THE FINAL PODIUM PLACE

With Bottas out of the picture the battle at the head of the tight midfield suddenly became the fight for the lead, as claimed by Charles Leclerc.

The Monegasque’s second podium of the season — a record that defies his car’s dreadful lack of pace — was thanks in equal parts to his superb qualifying lap that put him fourth on the grid and a little bit of post-safety car luck that protected him from the McLaren drivers behind at the restart.

Romain Grosjean was one of only two drivers not to stop for hards on lap 12 or 13 — the other was Alex Albon, explained below — and rose from 14th to fifth as a result, separating Leclerc ahead from Sainz behind.

On medium tyres that were easier to warm and in the context of a race defined by pace management the Haas wasn’t such easy pickings — indeed the robustness of his defence attracted the ire of the stewards — and the six laps its took both McLaren drivers to get past allowed Leclerc to establish a rhythm.

By half distance it was clear McLaren couldn’t challenge Leclerc, such was the deteriorating state of the tyres on the orange cars. Leclerc wasn’t suffering in the same way — perhaps the Ferrari’s lack of downforce perversely helped in this regard — and the result was that Carlos Sainz and Lando Norris came under attack late from Daniel Ricciardo, who nabbed fifth off the latter before the former suffered his tyre failure, promoting the Australian to fourth at the flag.

ALBON’S RECOVERY

Alex Albon was the only driver to score points with a notably different strategy. Having crashed with Kevin Magnussen on the first lap, a switch off damaged mediums and onto hards on lap six dropped him to last with a mammoth recovery drive ahead.

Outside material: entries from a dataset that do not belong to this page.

(* Let $(G,S,C,\phi_0)$ be a minimal counterexample with outer face $D$ (so $S=V(D)$). If $e=uv$ is an edge of $G$ not in $E(D)$, then $|E(C_{uv})|\ge 2$. Moreover, if $e$ is not contained in a triangle, then $|E(C_{uv})|=3$.
   Context: All graphs are finite and simple. Two cycles are adjacent if they share at least one common edge. A $3$-correspondence assignment for $G$ consists of the list $L(u)=\{1,2,3\}$ for each vertex together with, for each edge $e=uv$, a matching $C_e$ (not necessarily perfect) between $\{u\}\times\{1,2,3\}$ and $\{v\}\times\{1,2,3\}$. A $C$-coloring is a map $\phi$ to $\{1,2,3\}$ with $(u,\phi(u))(v,\phi(v))\notin E(C_{uv})$ for every edge $uv$. For a closed walk $v_1\dots v_m$ ($v_m=v_1$), $C$ is inconsistent on it if there are colors $c_i$ with $(v_i,c_i)(v_{i+1},c_{i+1})\in E(C_{v_iv_{i+1}})$ for all $i\in[m-1]$ and $c_1\ne c_m$. A counterexample is a quadruple $(G,S,C,\phi_0)$ where $G$ is a plane graph with no two adjacent cycles of length at most $8$, $S\subseteq V(G)$ with $|S|\le 12$ is either a single vertex or the vertex set of the boundary of a face, $C$ is a $3$-correspondence assignment consistent on every closed walk of length $3$, and $\phi_0$ is a $C$-coloring of $G[S]$ that does not extend to a $C$-coloring of $G$. A minimal counterexample is a counterexample minimizing $|V(G)|$, subject to that minimizing $|E(G)|-|E(G[S])|$, and subject to both maximizing $\sum_{uv\in E(G)}|E(C_{uv})|$. In a minimal counterexample $S$ is the vertex set of a face, and the embedding is chosen so that this face is the outer face $D$. *)

From HB Require Import structures.
From mathcomp Require Import all_boot perm.
Set Implicit Arguments. Unset Strict Implicit. Unset Printing Implicit Defensive.
(* Let $R$ be a commutative ring with identity, $S$ a multiplicative subset of $R$, and let $0\rightarrow A\xrightarrow{f} B\xrightarrow{f'} C\rightarrow 0$ be a short $u$-$S$-exact sequence of $R$-modules. Then the following are equivalent: (1) $0\rightarrow A\xrightarrow{f} B\xrightarrow{f'} C\rightarrow 0$ is $u$-$S$-pure; (2) there exists $s\in S$ such that whenever a system of equations $f(a_i)=\sum_{j=1}^m r_{ij}x_j$ $(i=1,\dots,n)$, with $a_i\in A$, $r_{ij}\in R$ and unknowns $x_1,\dots,x_m$, has a solution in $B$, the system $sa_i=\sum_{j=1}^m r_{ij}x_j$ $(i=1,\dots,n)$ has a solution in $A$; (3) there exists $s\in S$ such that for every finitely generated free $R$-module $F$, every finitely generated submodule $K$ of $F$ with inclusion $i:K\to F$, and all $R$-homomorphisms $\alpha:K\to A$, $\beta:F\to B$ with $f\alpha=\beta i$, there exists an $R$-homomorphism $\eta:F\to A$ with $s\alpha=\eta i$; (4) there exists $s\in S$ such that for every finitely presented $R$-module $N$, the induced sequence $0\rightarrow\mathrm{Hom}_R(N,A)\rightarrow \mathrm{Hom}_R(N,B)\rightarrow \mathrm{Hom}_R(N,C)\rightarrow 0$ is $u$-$S$-exact with respect to $s$.
   Context: A multiplicative subset $S$ of $R$ satisfies $1\in S$ and $s_1s_2\in S$ for $s_1,s_2\in S$. A sequence $X\xrightarrow{u}Y\xrightarrow{v}Z$ is $u$-$S$-exact at $Y$ with respect to $s\in S$ if $s\,\mathrm{Ker}(v)\subseteq\mathrm{Im}(u)$ and $s\,\mathrm{Im}(u)\subseteq\mathrm{Ker}(v)$. A short sequence $0\to X\to Y\to Z\to 0$ is (short) $u$-$S$-exact (with respect to $s$) if it is $u$-$S$-exact at each of $X,Y,Z$ with respect to some (resp. the given) $s\in S$. A short $u$-$S$-exact sequence $0\rightarrow A\rightarrow B\rightarrow C\rightarrow 0$ is called $u$-$S$-pure if for every $R$-module $M$ the induced sequence $0\rightarrow M\otimes_RA\rightarrow M\otimes_RB\rightarrow M\otimes_RC\rightarrow 0$ is $u$-$S$-exact. *)

From HB Require Import structures.
From mathcomp Require Import all_boot all_order all_algebra.
Set Implicit Arguments. Unset Strict Implicit. Unset Printing Implicit Defensive.
Import GRing.Theory.
Local Open Scope ring_scope.

Definition mult_subset (R : comPzRingType) (S : {pred R}) : Prop :=
  1 \in S /\ (forall s t, s \in S -> t \in S -> s * t \in S).

Definition uS_exact_at (R : comPzRingType) (s : R) (X Y Z : lmodType R)
  (u : X -> Y) (v : Y -> Z) : Prop :=
  (forall y, v y = 0 -> exists x, u x = s *: y) /\
  (forall x, v (s *: u x) = 0).

(* 0 -> A --f--> B --g--> C -> 0 is u-S-exact w.r.t. s (exactness at A, B, C,
   with the conditions involving the zero maps written out). *)
Definition short_uS_exact_wrt (R : comPzRingType) (s : R) (A B C : lmodType R)
  (f : A -> B) (g : B -> C) : Prop :=
  (forall a, f a = 0 -> s *: a = 0) /\
  uS_exact_at s f g /\
  (forall c, exists b, g b = s *: c).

He made a second stop for mediums on lap 30, dropping him to 20 seconds behind the pack, but the quicker tyre made quick work of a field running at a controlled pace. In six laps he began picking off cars until he was 11th with two laps to go. He passed one more car — Lance Stroll — and gained place from Bottas and Sainz to finish eighth with four points.

THE WINNER’S STRATEGY

Lewis Hamilton: medium (used) to lap 13, hard (new) to lap 52.